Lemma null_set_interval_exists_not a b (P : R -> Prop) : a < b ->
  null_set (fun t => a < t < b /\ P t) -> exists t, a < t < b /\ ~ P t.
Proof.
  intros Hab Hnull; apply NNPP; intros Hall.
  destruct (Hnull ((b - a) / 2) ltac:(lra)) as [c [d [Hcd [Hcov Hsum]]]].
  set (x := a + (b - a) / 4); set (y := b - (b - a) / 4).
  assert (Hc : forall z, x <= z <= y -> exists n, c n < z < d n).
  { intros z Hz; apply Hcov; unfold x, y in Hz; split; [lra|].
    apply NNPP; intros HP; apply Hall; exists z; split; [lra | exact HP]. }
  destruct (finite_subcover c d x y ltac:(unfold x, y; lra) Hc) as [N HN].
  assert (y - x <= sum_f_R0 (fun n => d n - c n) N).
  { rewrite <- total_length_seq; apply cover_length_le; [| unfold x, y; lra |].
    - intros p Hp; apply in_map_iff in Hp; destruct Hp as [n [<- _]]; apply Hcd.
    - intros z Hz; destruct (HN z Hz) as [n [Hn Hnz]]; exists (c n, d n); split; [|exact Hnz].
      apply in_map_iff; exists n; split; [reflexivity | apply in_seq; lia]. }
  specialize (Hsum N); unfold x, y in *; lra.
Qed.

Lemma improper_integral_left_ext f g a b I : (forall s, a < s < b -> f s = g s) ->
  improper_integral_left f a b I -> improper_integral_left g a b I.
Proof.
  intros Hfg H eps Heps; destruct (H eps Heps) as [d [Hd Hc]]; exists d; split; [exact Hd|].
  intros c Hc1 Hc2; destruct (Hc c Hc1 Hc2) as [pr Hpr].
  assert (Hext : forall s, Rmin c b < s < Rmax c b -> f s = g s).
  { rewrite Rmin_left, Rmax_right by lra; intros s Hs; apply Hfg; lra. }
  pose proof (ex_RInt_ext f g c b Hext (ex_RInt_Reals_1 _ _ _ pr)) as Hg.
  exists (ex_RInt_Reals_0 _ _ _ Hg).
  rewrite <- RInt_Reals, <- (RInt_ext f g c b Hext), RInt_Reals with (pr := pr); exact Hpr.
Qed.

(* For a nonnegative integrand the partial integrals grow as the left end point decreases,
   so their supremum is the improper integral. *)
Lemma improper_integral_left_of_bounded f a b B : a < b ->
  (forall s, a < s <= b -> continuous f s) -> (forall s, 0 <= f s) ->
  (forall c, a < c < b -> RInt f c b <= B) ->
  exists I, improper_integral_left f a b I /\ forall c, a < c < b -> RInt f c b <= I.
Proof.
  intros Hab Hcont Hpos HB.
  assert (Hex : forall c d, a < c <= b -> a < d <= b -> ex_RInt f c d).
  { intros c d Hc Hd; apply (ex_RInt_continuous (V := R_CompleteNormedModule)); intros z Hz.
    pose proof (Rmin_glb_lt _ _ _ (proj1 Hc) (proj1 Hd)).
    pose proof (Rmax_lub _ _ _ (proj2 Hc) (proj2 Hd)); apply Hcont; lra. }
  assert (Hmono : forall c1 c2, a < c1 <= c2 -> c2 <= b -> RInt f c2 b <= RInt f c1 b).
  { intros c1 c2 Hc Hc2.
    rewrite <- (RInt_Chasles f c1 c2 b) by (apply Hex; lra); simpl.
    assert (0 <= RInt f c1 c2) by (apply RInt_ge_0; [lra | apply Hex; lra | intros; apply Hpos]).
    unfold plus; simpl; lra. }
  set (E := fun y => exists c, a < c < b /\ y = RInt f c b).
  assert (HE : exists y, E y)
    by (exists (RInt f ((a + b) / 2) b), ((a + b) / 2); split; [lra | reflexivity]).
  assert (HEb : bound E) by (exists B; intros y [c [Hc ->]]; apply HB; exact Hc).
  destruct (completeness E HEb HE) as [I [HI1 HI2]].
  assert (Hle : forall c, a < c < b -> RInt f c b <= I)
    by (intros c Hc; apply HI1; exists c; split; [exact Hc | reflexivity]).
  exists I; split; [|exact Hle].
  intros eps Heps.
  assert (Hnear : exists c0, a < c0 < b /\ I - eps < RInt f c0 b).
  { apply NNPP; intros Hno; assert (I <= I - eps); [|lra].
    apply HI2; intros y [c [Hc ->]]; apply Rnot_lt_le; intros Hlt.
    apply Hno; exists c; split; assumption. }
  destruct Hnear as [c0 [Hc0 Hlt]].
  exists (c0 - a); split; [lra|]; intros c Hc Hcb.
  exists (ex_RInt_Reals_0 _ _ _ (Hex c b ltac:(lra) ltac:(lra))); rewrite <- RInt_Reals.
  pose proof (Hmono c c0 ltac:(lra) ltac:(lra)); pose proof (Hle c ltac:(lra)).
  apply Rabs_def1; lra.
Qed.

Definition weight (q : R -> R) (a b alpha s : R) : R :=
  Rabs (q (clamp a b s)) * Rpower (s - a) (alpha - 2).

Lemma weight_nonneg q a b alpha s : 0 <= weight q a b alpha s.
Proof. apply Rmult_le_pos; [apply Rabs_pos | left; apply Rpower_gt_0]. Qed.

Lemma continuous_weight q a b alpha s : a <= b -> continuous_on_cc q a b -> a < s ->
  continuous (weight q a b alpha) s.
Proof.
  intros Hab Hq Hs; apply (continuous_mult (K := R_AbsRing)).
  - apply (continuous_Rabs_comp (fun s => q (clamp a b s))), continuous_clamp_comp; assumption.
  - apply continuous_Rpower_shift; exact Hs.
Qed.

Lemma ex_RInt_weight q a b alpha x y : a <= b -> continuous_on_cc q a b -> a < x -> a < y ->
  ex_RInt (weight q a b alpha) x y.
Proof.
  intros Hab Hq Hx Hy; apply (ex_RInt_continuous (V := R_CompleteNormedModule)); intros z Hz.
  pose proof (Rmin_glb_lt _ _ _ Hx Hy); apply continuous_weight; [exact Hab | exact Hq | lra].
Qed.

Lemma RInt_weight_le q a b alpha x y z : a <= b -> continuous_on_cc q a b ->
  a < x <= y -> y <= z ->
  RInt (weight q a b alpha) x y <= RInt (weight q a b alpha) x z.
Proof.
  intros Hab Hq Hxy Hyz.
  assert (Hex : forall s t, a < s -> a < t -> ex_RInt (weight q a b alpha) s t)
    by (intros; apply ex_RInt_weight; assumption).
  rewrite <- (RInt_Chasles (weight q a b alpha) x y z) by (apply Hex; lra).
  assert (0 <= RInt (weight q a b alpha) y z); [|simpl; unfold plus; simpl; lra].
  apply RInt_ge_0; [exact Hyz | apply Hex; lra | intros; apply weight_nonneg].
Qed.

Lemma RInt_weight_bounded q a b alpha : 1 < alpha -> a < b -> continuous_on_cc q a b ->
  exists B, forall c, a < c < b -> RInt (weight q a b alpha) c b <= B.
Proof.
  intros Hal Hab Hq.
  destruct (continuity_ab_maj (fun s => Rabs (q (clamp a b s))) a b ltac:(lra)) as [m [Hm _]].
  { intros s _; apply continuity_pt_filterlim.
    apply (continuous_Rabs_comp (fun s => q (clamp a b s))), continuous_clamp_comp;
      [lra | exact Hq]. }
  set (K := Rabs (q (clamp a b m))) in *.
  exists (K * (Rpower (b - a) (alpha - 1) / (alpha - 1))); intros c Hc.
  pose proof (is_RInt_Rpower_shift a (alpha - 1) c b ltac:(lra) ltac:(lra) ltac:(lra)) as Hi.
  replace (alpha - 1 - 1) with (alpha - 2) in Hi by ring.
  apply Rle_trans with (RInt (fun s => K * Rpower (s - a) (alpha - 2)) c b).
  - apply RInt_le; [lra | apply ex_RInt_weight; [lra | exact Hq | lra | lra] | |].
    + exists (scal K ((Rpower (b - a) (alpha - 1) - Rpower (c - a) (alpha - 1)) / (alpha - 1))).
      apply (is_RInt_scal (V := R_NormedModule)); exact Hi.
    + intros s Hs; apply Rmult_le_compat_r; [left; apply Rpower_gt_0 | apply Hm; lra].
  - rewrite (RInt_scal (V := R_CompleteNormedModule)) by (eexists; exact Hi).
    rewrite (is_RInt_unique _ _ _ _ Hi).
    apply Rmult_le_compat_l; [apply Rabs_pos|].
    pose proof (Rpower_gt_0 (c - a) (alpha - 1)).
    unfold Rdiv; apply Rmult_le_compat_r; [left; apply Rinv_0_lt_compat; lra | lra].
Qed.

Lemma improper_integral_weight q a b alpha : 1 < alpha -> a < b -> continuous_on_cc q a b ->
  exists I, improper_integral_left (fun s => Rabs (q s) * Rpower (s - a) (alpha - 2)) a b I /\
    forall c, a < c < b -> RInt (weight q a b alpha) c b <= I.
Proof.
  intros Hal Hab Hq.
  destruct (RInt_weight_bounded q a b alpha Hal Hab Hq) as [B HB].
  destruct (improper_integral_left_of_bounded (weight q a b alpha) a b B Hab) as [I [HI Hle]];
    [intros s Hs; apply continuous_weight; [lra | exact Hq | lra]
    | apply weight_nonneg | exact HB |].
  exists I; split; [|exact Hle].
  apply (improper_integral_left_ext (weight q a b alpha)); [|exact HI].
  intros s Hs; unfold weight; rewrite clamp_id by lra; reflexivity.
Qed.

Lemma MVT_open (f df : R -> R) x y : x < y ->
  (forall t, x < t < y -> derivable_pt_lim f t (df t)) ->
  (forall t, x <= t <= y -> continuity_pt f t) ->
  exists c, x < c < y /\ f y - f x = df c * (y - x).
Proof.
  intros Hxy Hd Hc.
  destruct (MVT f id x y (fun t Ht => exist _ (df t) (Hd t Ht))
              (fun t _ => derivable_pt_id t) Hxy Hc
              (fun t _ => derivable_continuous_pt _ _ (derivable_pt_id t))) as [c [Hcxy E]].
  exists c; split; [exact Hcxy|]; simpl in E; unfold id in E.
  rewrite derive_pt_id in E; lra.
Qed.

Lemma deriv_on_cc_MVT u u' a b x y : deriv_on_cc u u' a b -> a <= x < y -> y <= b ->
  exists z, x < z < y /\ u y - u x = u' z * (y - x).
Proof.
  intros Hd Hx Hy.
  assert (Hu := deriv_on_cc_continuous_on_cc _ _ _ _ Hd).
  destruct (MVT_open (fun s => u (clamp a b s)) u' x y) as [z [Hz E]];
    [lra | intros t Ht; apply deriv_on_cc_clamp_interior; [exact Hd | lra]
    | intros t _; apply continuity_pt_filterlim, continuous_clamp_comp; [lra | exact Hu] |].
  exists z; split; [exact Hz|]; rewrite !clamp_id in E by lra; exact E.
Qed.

EXERCISE BRIEF: Would you copy, unchanged, the stretch of the records above that begins at the line containing "x, y; lra |]." and ends at the line containing "Hc Hd; apply", and only that?

RESPONSE:
  { rewrite <- total_length_seq; apply cover_length_le; [| unfold x, y; lra |].
    - intros p Hp; apply in_map_iff in Hp; destruct Hp as [n [<- _]]; apply Hcd.
    - intros z Hz; destruct (HN z Hz) as [n [Hn Hnz]]; exists (c n, d n); split; [|exact Hnz].
      apply in_map_iff; exists n; split; [reflexivity | apply in_seq; lia]. }
  specialize (Hsum N); unfold x, y in *; lra.
Qed.

Lemma improper_integral_left_ext f g a b I : (forall s, a < s < b -> f s = g s) ->
  improper_integral_left f a b I -> improper_integral_left g a b I.
Proof.
  intros Hfg H eps Heps; destruct (H eps Heps) as [d [Hd Hc]]; exists d; split; [exact Hd|].
  intros c Hc1 Hc2; destruct (Hc c Hc1 Hc2) as [pr Hpr].
  assert (Hext : forall s, Rmin c b < s < Rmax c b -> f s = g s).
  { rewrite Rmin_left, Rmax_right by lra; intros s Hs; apply Hfg; lra. }
  pose proof (ex_RInt_ext f g c b Hext (ex_RInt_Reals_1 _ _ _ pr)) as Hg.
  exists (ex_RInt_Reals_0 _ _ _ Hg).
  rewrite <- RInt_Reals, <- (RInt_ext f g c b Hext), RInt_Reals with (pr := pr); exact Hpr.
Qed.

(* For a nonnegative integrand the partial integrals grow as the left end point decreases,
   so their supremum is the improper integral. *)
Lemma improper_integral_left_of_bounded f a b B : a < b ->
  (forall s, a < s <= b -> continuous f s) -> (forall s, 0 <= f s) ->
  (forall c, a < c < b -> RInt f c b <= B) ->
  exists I, improper_integral_left f a b I /\ forall c, a < c < b -> RInt f c b <= I.
Proof.
  intros Hab Hcont Hpos HB.
  assert (Hex : forall c d, a < c <= b -> a < d <= b -> ex_RInt f c d).
  { intros c d Hc Hd; apply (ex_RInt_continuous (V := R_CompleteNormedModule)); intros z Hz.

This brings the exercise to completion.